Word for word, transcribe the data below from the line with "rewrite /proj /bsigma scale1r -(mul_delta_mx" to the line with "Lemma diam_proj_Fmap_projs (K", keeping both of those lines.

··· ENTRIES SHOWN ···

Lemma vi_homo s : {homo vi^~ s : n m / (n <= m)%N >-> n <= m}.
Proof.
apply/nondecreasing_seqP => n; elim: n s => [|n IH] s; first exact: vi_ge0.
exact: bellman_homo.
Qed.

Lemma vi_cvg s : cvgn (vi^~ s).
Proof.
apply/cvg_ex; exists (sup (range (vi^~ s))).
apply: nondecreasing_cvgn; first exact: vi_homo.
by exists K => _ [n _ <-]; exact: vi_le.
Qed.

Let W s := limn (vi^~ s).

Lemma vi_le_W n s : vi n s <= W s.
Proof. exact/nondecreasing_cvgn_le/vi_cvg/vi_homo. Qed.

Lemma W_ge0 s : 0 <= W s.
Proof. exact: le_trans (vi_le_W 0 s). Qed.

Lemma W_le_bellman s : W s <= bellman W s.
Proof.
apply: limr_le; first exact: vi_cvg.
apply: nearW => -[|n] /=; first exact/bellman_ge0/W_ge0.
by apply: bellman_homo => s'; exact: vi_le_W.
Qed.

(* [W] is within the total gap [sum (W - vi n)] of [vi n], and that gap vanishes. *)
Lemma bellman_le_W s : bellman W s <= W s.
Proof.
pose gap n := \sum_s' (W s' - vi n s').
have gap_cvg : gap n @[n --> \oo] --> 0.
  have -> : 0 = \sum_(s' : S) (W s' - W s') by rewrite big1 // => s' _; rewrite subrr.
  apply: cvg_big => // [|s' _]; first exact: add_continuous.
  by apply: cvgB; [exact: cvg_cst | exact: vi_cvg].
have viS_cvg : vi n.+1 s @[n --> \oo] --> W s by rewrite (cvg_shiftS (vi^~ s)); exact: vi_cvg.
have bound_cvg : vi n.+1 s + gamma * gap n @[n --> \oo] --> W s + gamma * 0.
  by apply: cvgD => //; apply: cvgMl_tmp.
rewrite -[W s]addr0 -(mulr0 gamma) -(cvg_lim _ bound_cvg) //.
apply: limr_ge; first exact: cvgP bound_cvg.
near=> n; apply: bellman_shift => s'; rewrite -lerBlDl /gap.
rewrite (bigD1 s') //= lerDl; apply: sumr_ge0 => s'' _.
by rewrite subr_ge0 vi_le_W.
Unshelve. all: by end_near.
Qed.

···
··· ENTRIES SHOWN ···

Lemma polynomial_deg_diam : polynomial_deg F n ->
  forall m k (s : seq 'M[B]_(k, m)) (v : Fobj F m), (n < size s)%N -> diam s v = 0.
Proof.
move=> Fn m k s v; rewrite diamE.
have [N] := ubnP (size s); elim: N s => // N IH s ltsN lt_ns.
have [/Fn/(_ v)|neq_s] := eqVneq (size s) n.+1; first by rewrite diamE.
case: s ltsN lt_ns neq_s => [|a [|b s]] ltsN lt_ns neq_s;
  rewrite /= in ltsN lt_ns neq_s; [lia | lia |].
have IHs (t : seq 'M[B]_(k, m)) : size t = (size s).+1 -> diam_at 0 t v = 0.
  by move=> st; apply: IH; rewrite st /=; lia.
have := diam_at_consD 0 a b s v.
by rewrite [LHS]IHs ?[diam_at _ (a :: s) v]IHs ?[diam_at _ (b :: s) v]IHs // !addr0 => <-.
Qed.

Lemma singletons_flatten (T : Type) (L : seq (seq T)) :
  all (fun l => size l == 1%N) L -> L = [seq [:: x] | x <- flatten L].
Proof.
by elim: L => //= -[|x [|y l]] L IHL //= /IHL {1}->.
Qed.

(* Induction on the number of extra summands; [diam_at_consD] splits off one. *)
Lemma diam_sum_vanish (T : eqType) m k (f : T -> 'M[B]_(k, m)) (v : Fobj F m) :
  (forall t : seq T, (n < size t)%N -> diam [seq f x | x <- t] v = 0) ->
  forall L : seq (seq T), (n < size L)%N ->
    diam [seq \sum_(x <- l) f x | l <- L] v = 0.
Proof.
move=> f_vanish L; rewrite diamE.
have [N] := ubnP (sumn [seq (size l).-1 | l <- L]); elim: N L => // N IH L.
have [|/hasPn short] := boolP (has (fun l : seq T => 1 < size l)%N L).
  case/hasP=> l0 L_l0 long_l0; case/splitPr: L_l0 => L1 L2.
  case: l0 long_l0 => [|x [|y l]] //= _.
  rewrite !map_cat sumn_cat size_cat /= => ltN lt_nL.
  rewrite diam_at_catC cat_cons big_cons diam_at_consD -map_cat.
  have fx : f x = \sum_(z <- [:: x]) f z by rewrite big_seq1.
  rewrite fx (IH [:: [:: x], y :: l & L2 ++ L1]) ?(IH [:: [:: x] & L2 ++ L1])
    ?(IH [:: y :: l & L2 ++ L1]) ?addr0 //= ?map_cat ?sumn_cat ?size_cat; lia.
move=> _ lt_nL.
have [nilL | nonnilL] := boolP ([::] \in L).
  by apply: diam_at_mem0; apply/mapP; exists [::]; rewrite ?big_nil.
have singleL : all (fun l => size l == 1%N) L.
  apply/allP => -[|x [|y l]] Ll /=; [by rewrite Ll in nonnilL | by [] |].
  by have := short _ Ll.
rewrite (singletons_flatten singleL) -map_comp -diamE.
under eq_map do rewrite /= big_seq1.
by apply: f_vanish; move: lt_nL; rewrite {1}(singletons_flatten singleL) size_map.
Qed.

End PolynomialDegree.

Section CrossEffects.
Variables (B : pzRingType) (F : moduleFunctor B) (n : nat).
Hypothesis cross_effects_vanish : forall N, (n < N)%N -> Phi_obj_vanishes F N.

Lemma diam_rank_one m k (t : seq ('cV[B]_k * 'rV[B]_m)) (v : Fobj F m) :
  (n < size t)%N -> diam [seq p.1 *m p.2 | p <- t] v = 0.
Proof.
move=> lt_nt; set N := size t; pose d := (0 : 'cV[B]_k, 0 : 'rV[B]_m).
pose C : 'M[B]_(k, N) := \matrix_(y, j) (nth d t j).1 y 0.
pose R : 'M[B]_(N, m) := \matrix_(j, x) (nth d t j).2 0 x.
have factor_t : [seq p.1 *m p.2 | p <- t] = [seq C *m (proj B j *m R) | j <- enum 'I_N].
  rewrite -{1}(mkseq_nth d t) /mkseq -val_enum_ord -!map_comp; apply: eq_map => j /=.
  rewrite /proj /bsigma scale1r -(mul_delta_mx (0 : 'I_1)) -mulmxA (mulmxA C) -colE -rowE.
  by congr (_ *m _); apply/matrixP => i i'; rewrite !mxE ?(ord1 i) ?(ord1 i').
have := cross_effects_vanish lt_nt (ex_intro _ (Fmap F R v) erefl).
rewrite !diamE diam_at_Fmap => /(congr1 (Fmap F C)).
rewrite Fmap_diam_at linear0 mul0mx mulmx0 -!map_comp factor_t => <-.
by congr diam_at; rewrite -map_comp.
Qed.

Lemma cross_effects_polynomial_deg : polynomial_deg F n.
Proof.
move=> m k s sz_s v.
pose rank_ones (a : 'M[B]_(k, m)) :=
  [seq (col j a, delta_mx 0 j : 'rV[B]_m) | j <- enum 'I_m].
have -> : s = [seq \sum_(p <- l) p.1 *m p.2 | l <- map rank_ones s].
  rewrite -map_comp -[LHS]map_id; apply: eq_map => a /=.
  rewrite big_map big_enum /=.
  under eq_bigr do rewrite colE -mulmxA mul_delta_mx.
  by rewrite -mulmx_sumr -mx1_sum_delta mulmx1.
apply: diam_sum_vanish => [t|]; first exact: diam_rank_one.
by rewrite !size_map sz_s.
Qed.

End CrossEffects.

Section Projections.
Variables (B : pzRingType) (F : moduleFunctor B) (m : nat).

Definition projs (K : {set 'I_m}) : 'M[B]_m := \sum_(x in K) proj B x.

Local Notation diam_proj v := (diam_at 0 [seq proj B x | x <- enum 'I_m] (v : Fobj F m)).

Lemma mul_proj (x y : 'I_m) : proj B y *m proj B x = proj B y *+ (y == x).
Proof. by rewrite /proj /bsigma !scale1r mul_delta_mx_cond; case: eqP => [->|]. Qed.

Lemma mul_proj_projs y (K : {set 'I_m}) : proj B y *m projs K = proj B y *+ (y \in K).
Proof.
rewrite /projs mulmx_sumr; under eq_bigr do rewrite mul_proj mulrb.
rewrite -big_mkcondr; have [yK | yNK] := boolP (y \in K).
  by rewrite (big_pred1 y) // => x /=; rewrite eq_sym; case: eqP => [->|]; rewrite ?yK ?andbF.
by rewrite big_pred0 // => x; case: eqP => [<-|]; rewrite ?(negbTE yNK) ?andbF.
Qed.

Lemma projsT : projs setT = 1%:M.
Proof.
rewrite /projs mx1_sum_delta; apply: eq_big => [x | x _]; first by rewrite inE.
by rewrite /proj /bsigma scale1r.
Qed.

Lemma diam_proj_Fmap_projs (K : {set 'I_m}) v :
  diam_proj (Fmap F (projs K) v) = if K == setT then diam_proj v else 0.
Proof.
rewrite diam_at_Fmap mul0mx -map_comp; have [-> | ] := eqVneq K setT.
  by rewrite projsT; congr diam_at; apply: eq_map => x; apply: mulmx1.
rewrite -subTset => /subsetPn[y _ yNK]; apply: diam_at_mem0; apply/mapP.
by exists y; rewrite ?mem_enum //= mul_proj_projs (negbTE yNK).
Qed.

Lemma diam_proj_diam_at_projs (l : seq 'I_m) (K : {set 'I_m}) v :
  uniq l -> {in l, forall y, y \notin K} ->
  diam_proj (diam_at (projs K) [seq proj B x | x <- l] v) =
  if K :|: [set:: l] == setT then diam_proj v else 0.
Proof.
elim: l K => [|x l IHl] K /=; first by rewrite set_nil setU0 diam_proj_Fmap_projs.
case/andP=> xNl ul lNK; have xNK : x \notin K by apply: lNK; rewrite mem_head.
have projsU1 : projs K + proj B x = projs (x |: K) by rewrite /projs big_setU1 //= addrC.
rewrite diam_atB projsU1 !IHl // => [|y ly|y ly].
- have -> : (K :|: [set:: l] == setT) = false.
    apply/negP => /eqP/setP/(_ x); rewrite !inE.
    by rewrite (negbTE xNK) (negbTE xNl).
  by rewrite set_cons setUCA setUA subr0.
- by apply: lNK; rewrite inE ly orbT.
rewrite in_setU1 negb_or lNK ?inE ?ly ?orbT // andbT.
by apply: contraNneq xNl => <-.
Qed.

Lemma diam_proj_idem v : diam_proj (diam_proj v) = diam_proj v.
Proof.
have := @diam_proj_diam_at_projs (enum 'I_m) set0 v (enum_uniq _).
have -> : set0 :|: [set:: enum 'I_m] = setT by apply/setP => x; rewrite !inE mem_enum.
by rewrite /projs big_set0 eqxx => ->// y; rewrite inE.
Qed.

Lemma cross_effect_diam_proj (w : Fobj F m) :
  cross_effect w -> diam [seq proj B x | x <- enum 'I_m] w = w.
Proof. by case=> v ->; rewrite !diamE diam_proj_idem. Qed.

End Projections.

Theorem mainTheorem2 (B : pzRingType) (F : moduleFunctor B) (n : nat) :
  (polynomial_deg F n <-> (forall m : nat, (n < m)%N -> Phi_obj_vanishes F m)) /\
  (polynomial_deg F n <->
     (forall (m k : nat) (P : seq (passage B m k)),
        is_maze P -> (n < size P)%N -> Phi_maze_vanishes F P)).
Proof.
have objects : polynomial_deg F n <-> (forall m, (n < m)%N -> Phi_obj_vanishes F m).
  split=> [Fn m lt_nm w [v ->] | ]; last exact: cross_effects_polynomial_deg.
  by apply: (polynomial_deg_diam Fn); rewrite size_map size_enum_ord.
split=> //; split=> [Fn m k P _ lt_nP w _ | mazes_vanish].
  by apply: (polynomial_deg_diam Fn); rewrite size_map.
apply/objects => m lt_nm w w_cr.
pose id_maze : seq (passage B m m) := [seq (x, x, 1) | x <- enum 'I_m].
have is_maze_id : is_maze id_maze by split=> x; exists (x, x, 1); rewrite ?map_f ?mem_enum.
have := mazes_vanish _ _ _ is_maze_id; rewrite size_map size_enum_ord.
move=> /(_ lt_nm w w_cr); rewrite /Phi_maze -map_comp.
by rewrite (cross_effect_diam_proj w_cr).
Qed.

···

_RESULT_.
  rewrite /proj /bsigma scale1r -(mul_delta_mx (0 : 'I_1)) -mulmxA (mulmxA C) -colE -rowE.
  by congr (_ *m _); apply/matrixP => i i'; rewrite !mxE ?(ord1 i) ?(ord1 i').
have := cross_effects_vanish lt_nt (ex_intro _ (Fmap F R v) erefl).
rewrite !diamE diam_at_Fmap => /(congr1 (Fmap F C)).
rewrite Fmap_diam_at linear0 mul0mx mulmx0 -!map_comp factor_t => <-.
by congr diam_at; rewrite -map_comp.
Qed.

Lemma cross_effects_polynomial_deg : polynomial_deg F n.
Proof.
move=> m k s sz_s v.
pose rank_ones (a : 'M[B]_(k, m)) :=
  [seq (col j a, delta_mx 0 j : 'rV[B]_m) | j <- enum 'I_m].
have -> : s = [seq \sum_(p <- l) p.1 *m p.2 | l <- map rank_ones s].
  rewrite -map_comp -[LHS]map_id; apply: eq_map => a /=.
  rewrite big_map big_enum /=.
  under eq_bigr do rewrite colE -mulmxA mul_delta_mx.
  by rewrite -mulmx_sumr -mx1_sum_delta mulmx1.
apply: diam_sum_vanish => [t|]; first exact: diam_rank_one.
by rewrite !size_map sz_s.
Qed.

End CrossEffects.

Section Projections.
Variables (B : pzRingType) (F : moduleFunctor B) (m : nat).

Definition projs (K : {set 'I_m}) : 'M[B]_m := \sum_(x in K) proj B x.

Local Notation diam_proj v := (diam_at 0 [seq proj B x | x <- enum 'I_m] (v : Fobj F m)).

Lemma mul_proj (x y : 'I_m) : proj B y *m proj B x = proj B y *+ (y == x).
Proof. by rewrite /proj /bsigma !scale1r mul_delta_mx_cond; case: eqP => [->|]. Qed.

Lemma mul_proj_projs y (K : {set 'I_m}) : proj B y *m projs K = proj B y *+ (y \in K).
Proof.
rewrite /projs mulmx_sumr; under eq_bigr do rewrite mul_proj mulrb.
rewrite -big_mkcondr; have [yK | yNK] := boolP (y \in K).
  by rewrite (big_pred1 y) // => x /=; rewrite eq_sym; case: eqP => [->|]; rewrite ?yK ?andbF.
by rewrite big_pred0 // => x; case: eqP => [<-|]; rewrite ?(negbTE yNK) ?andbF.
Qed.

Lemma projsT : projs setT = 1%:M.
Proof.
rewrite /projs mx1_sum_delta; apply: eq_big => [x | x _]; first by rewrite inE.
by rewrite /proj /bsigma scale1r.
Qed.

Lemma diam_proj_Fmap_projs (K : {set 'I_m}) v :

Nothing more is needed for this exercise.